» TASK GOAL
Scan the listing for "exact" and copy out each line that has it.

[Opening GIVEN DATA section]

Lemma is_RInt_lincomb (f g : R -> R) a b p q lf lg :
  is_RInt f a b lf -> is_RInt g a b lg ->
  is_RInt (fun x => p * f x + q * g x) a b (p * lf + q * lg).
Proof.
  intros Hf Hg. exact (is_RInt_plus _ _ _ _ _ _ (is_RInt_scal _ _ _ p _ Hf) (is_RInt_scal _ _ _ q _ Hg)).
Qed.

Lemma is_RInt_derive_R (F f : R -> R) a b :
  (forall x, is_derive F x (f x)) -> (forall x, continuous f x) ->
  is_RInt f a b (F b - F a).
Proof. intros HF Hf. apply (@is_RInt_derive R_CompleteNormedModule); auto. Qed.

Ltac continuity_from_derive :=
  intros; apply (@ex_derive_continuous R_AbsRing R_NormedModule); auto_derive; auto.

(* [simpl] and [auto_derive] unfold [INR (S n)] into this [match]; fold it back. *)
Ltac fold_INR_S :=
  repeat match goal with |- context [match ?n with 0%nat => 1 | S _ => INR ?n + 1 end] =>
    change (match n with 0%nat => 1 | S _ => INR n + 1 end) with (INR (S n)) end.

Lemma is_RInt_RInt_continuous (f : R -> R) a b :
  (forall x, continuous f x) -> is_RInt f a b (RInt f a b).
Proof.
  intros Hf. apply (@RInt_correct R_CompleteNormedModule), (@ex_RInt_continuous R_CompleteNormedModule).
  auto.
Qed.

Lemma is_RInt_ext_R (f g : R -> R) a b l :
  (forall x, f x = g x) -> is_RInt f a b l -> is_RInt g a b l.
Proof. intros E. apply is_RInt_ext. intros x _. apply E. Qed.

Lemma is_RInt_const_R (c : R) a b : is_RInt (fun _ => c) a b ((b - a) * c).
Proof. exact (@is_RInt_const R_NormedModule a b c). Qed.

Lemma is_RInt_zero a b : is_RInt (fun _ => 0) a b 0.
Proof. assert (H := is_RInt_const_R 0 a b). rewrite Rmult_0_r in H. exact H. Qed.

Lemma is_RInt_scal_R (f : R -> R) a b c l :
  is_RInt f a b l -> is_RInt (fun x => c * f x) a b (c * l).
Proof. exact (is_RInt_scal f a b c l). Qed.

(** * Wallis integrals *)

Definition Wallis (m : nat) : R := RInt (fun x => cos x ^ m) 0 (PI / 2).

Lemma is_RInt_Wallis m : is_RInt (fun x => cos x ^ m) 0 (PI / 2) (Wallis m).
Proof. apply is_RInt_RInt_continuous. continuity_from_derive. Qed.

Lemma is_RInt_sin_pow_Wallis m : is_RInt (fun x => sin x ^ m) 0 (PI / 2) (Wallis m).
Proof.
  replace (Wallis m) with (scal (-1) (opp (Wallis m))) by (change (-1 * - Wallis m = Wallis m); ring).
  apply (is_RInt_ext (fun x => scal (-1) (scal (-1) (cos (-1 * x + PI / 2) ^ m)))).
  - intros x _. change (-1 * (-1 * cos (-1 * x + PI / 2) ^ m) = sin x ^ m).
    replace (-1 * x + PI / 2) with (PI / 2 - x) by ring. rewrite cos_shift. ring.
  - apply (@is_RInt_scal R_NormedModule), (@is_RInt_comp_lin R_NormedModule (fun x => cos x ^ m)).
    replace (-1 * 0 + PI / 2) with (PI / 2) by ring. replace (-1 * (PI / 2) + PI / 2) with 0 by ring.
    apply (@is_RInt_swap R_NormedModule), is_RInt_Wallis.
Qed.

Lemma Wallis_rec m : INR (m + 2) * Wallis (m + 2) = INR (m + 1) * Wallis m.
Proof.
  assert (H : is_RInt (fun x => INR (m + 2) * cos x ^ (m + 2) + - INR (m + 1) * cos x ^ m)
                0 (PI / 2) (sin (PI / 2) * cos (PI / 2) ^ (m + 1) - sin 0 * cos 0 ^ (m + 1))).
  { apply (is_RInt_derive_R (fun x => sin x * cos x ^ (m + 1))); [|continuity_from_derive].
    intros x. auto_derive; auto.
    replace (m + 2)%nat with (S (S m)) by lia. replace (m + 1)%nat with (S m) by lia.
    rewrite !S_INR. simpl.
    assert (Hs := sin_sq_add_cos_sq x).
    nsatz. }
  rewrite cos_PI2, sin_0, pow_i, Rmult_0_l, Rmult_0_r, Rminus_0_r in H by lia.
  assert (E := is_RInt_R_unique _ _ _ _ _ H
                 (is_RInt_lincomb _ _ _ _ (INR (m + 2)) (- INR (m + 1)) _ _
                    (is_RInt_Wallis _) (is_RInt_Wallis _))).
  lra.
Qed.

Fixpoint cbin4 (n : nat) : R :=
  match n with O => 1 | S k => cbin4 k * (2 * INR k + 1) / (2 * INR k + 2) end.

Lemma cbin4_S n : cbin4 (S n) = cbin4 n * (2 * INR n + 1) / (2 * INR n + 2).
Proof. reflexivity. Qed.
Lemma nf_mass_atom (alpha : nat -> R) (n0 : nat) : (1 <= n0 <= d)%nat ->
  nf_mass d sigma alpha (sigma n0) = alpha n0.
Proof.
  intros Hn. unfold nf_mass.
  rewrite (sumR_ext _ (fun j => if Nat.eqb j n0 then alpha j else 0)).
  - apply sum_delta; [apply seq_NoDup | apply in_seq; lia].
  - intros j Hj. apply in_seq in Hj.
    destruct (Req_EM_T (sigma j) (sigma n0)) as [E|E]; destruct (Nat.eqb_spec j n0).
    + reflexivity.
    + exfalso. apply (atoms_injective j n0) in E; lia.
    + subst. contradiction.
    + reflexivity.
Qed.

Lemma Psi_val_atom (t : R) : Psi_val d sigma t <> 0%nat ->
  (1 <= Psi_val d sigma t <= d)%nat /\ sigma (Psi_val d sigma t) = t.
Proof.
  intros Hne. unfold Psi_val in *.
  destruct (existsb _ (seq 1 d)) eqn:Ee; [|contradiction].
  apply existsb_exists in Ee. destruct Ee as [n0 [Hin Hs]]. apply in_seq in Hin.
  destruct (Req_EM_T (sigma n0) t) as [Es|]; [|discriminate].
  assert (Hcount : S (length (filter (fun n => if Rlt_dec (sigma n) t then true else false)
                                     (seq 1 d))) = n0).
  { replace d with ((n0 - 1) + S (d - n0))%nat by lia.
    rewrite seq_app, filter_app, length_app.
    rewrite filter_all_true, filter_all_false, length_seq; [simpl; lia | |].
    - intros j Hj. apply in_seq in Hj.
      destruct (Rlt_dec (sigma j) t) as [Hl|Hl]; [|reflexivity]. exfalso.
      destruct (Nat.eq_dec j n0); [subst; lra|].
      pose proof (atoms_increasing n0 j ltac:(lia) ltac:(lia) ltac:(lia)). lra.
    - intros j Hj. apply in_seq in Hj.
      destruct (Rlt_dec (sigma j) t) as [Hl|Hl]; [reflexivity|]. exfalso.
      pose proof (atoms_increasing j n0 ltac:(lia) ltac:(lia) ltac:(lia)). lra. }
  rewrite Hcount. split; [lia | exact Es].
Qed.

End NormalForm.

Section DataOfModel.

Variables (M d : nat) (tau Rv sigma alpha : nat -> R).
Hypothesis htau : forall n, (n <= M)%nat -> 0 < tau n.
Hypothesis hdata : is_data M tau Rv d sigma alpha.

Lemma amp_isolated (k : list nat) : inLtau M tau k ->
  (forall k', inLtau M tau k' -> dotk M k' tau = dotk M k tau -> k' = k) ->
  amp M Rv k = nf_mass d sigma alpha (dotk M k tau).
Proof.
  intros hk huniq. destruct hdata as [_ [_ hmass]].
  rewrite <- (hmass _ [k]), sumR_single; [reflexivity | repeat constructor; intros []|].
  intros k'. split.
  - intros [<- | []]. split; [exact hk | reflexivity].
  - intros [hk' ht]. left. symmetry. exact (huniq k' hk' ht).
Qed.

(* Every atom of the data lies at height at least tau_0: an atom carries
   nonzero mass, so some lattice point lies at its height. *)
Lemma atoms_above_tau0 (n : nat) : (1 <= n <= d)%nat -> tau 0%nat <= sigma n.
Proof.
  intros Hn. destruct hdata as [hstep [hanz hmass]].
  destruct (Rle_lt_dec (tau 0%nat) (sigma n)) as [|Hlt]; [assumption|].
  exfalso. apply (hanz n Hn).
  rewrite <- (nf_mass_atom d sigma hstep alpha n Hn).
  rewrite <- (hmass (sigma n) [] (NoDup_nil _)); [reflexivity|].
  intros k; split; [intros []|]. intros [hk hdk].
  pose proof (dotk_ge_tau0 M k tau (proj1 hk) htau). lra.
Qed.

[Closing GIVEN DATA section]

» THE COMPLETED TASK
  intros Hf Hg. exact (is_RInt_plus _ _ _ _ _ _ (is_RInt_scal _ _ _ p _ Hf) (is_RInt_scal _ _ _ q _ Hg)).
Proof. exact (@is_RInt_const R_NormedModule a b c). Qed.
Proof. assert (H := is_RInt_const_R 0 a b). rewrite Rmult_0_r in H. exact H. Qed.
Proof. exact (is_RInt_scal f a b c l). Qed.
  rewrite Hcount. split; [lia | exact Es].
  - intros [<- | []]. split; [exact hk | reflexivity].
  - intros [hk' ht]. left. symmetry. exact (huniq k' hk' ht).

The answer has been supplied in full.